Thank you for the opportunity to guest blog. As Bob indicated, I will blog about the stripdown of home mortgages for a couple days, take a brief hiatus and be back with you at the first of the year. Some of the things likely to be bloged about next year include the “so called” exemption of federal benefits from execution (sounds boring but boy does this ever work differently than what we’ve been telling our students), a little about my upcoming payday lending study, and perhaps a small taste of financial literacy/anti-consumerism to boot. Thanks and I look forward to conversing with you!!
Now on to the home mortgage issues……
It seems that most of the arguments against the current senate bills on stripdown of home mortgages boil down to one notion: when some people don’t pay their debts, others are disappointed. Bankruptcy laws, as well as state collection laws from real estate foreclosures to Article 9, all recognize that some debts simply will not be paid back. This is economic, rather than legal, realism.
As a realistic starting point for analyzing these bills, we need to essentialize secured debt vis a vis unsecured debt. Secured debt is only as valuable as its security, under all debtor-creditor systems. Playing on the old adage, if you are a secured creditor, you can never be too rich, to thin, or have too much collateral. With insufficient collateral to cover your debt, you may be called secured, but you are only as secure or protected from harm as the value of your collateral. Why? Because
the main conceptual attribute separating secured debt from unsecured
debt is the right to recover payment from the collateral upon default.
Under Article 9 and state real estate law, if one sells its collateral and ends up with debt left over, the left over debt is unsecured debt that is legally identical to other general unsecured debt. The fact that it was once joined in one loan with secured debt does not change the essential nature of the leftovers. This
state law theme continues into the bankruptcy system, and the secured
creditor’s claim is still no more secured than the value of its
collateral. As a result, in a Chapter 7 case, one can buy the collateral for its value, even if the debt is greater that the value. A debtor must do this in immediate cash because Chapter 7 does not involve a payment of debt over time.
Chapter 11 and 13 do involve payment plans.
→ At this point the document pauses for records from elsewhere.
Lemma possible_run_mx (C : numClosedFieldType) n (c : circuit C n)
  (o : 'rV['F_2]_(nmeas c)) : possible o <-> run_mx o 0 c 1%:M != 0.
Proof.
set M := run_mx o 0 c 1%:M.
have probE psi : prob o psi = sqnorm (M *m psi) by rewrite /prob -run_aux_mx mul1mx.
split => [[psi [_]]|M_neq0].
  apply: contra => /eqP M0; rewrite probE M0 mul0mx /sqnorm big1 // => i _.
  by rewrite mxE normr0 expr0n.
have /existsP [i /existsP [k Mik_neq0]] : [exists i, exists k, M i k != 0].
  apply: contraNT M_neq0; rewrite negb_exists => /forallP M0.
  apply/eqP/matrixP => i k; rewrite mxE; apply/eqP.
  by move: (M0 i); rewrite negb_exists => /forallP /(_ k); rewrite negbK.
exists (delta_mx k 0); split; first exact: sqnorm_delta.
rewrite probE; apply: contra Mik_neq0 => /eqP /sqnorm_eq0 /matrixP /(_ i 0).
rewrite !mxE (bigD1 k) //= big1 => [|l neq_lk]; last by rewrite mxE (negbTE neq_lk) mulr0.
by rewrite mxE !eqxx mulr1 addr0 => ->.
Qed.

Section AffineEquations.
Variable m : nat.
Notation RV := 'rV['F_2]_m.
Implicit Types (R : seq (equation m)) (u v : RV).

Definition eq_form (e : equation m) v : 'F_2 := ob v e.1.1 + \sum_(k in e.1.2) v 0 k.

Definition homogeneous_sol R v : bool := all (fun e => eq_form e v == 0) R.

Definition homogeneous_space R : {vspace RV} :=
  <<[seq v <- enum [set: RV] | homogeneous_sol R v]>>%VS.

Lemma ob_linear (a : 'F_2) u v j : ob (a *: u + v) j = a * ob u j + ob v j.
Proof. by rewrite /ob; case: insubP => [k _ _|_]; rewrite ?mxE ?mulr0 ?addr0. Qed.

Lemma eq_form_linear e (a : 'F_2) u v : eq_form e (a *: u + v) = a * eq_form e u + eq_form e v.
Proof.
rewrite /eq_form ob_linear mulrDr addrACA mulr_sumr -big_split /=.
by congr (_ + _); apply: eq_bigr => k _; rewrite !mxE.
Qed.

Lemma eq_formB e u v : eq_form e (u - v) = eq_form e u - eq_form e v.
Proof. by rewrite addrC -scaleN1r eq_form_linear mulN1r addrC. Qed.

Lemma eq_form0 e : eq_form e 0 = 0.
Proof. by have := eq_formB e 0 0; rewrite !subrr. Qed.

Lemma satisfies_homogeneous R a o : satisfies R a ->
  satisfies R o <-> homogeneous_sol R (o - a).
Proof.
move=> sat_a; split => [sat_o|/allP hom e e_R].
  by apply/allP => e e_R; rewrite eq_formB /eq_form sat_o // sat_a // subrr.
by have := hom e e_R; rewrite eq_formB /eq_form sat_a // subr_eq0 => /eqP.
Qed.

Lemma mem_homogeneous_space R v : (v \in homogeneous_space R) = homogeneous_sol R v.
Proof.
apply/idP/idP => [|hom_v]; last first.
  by apply: memv_span; rewrite mem_filter hom_v mem_enum in_setT.
set X := [seq v <- enum [set: RV] | homogeneous_sol R v].
move=> /(coord_span (X := in_tuple X)) ->.
apply: (big_ind (homogeneous_sol R)).
- by apply/allP => e _; rewrite eq_form0.
- move=> x y /allP hom_x /allP hom_y; apply/allP => e e_R.
  by rewrite -[x]scale1r eq_form_linear (eqP (hom_x e e_R)) (eqP (hom_y e e_R)) mulr0 addr0.
- move=> i _; apply/allP => e e_R.
  have : X`_i \in X by apply: mem_nth.
  rewrite mem_filter => /andP [/allP /(_ e e_R) /eqP hom_Xi _].
  by rewrite -[_ *: _]addr0 eq_form_linear eq_form0 hom_Xi mulr0 addr0.
Qed.

End AffineEquations.

Theorem mainTheorem1 (C : numClosedFieldType) (n : nat) (c : circuit C n)
    (hc : valid_circuit c) :
  (* O(C) is an affine subspace of Z_2^m *)
  (exists (a : 'rV['F_2]_(nmeas c)) (W : {vspace 'rV['F_2]_(nmeas c)}),
      forall o : 'rV['F_2]_(nmeas c), possible o <-> o - a \in W) /\
  (* the Outcome-Code Algorithm returns a list R ... *)
  (exists R, OCA (m := nmeas c) c R) /\
  (* ... and O(C) is exactly the solution set of any returned R *)
  (forall R, OCA (m := nmeas c) c R ->
     forall o : 'rV['F_2]_(nmeas c), possible o <-> satisfies R o).
Proof.
have OCA_exists : exists R, OCA (m := nmeas c) c R.
  have [S [R [j run_c]]] := run_exists hc 0 (@invariant_nil C n (nmeas c)).
  by exists R, S, j.
have possibleE R : OCA (m := nmeas c) c R ->
    forall o : 'rV['F_2]_(nmeas c), possible o <-> satisfies R o.
  move=> [S [j run_c]] o; rewrite possible_run_mx.
  exact: (invariant_nonzero (invariant_run run_c hc (@invariant_nil C n (nmeas c)))).
split; last by split.
have [R OCA_R] := OCA_exists.
have [a run_a_neq0] : exists a : 'rV['F_2]_(nmeas c), run_mx a 0 c 1%:M != 0.
  apply: (run_mx_neq0 hc) => //; exists 0; apply/eqP => /(congr1 mxtrace).
  by rewrite mxtrace1 mxtrace0 => /eqP; rewrite pnatr_eq0 expn_eq0.
exists a, (homogeneous_space R) => o.
rewrite mem_homogeneous_space -satisfies_homogeneous; first exact: possibleE.
exact/(possibleE R OCA_R)/possible_run_mx.
Qed.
Thus, a debtor under one of these chapters is generally permitted to pay back the secured debt over time. By definition though, under bankruptcy or state law, the secured debt is still no greater than the value of the collateral. Thus,
if we are being conceptually consistent, we would not normally require
(or perhaps even permit) a debtor to pay back a secured party the whole
face value of an undersecured debt in a payment plan over time. This
would involve paying more to secured creditors on their deficiency
claims than would be paid to other holders of legally identical
unsecured claims and thus would violate the Code’s equality principle.
Thus, we generally allow the loan to be stripped down to the value of the collateral, in both Chapter 11 and in Chapter 13. In
1992, the home mortgage industry convinced Congress to change the
stripdown rule, essentially disallowing it in the home loan context
because it could cause crisis in the home mortgage industry. This
left us with a rule inconsistent with both bankruptcy principles and
state law principles for the stripdown of home mortgage. In 2005,
various personal property loans were added to the mix, and excepted
from normal stripdown rules. Yet neither of
these exceptions to the normal ordering of things was ever fully
justified. If the idea in the case of home mortgages was to protect the
home mortgage industry from crashing, limiting stripdown does not seem
to be accomplishing this goal.
Thus, it is time to fix this inconsisitency, and choose one of these bills. More on this tomorrow, when I address a few specific points made by Professor Scarberry before Congress.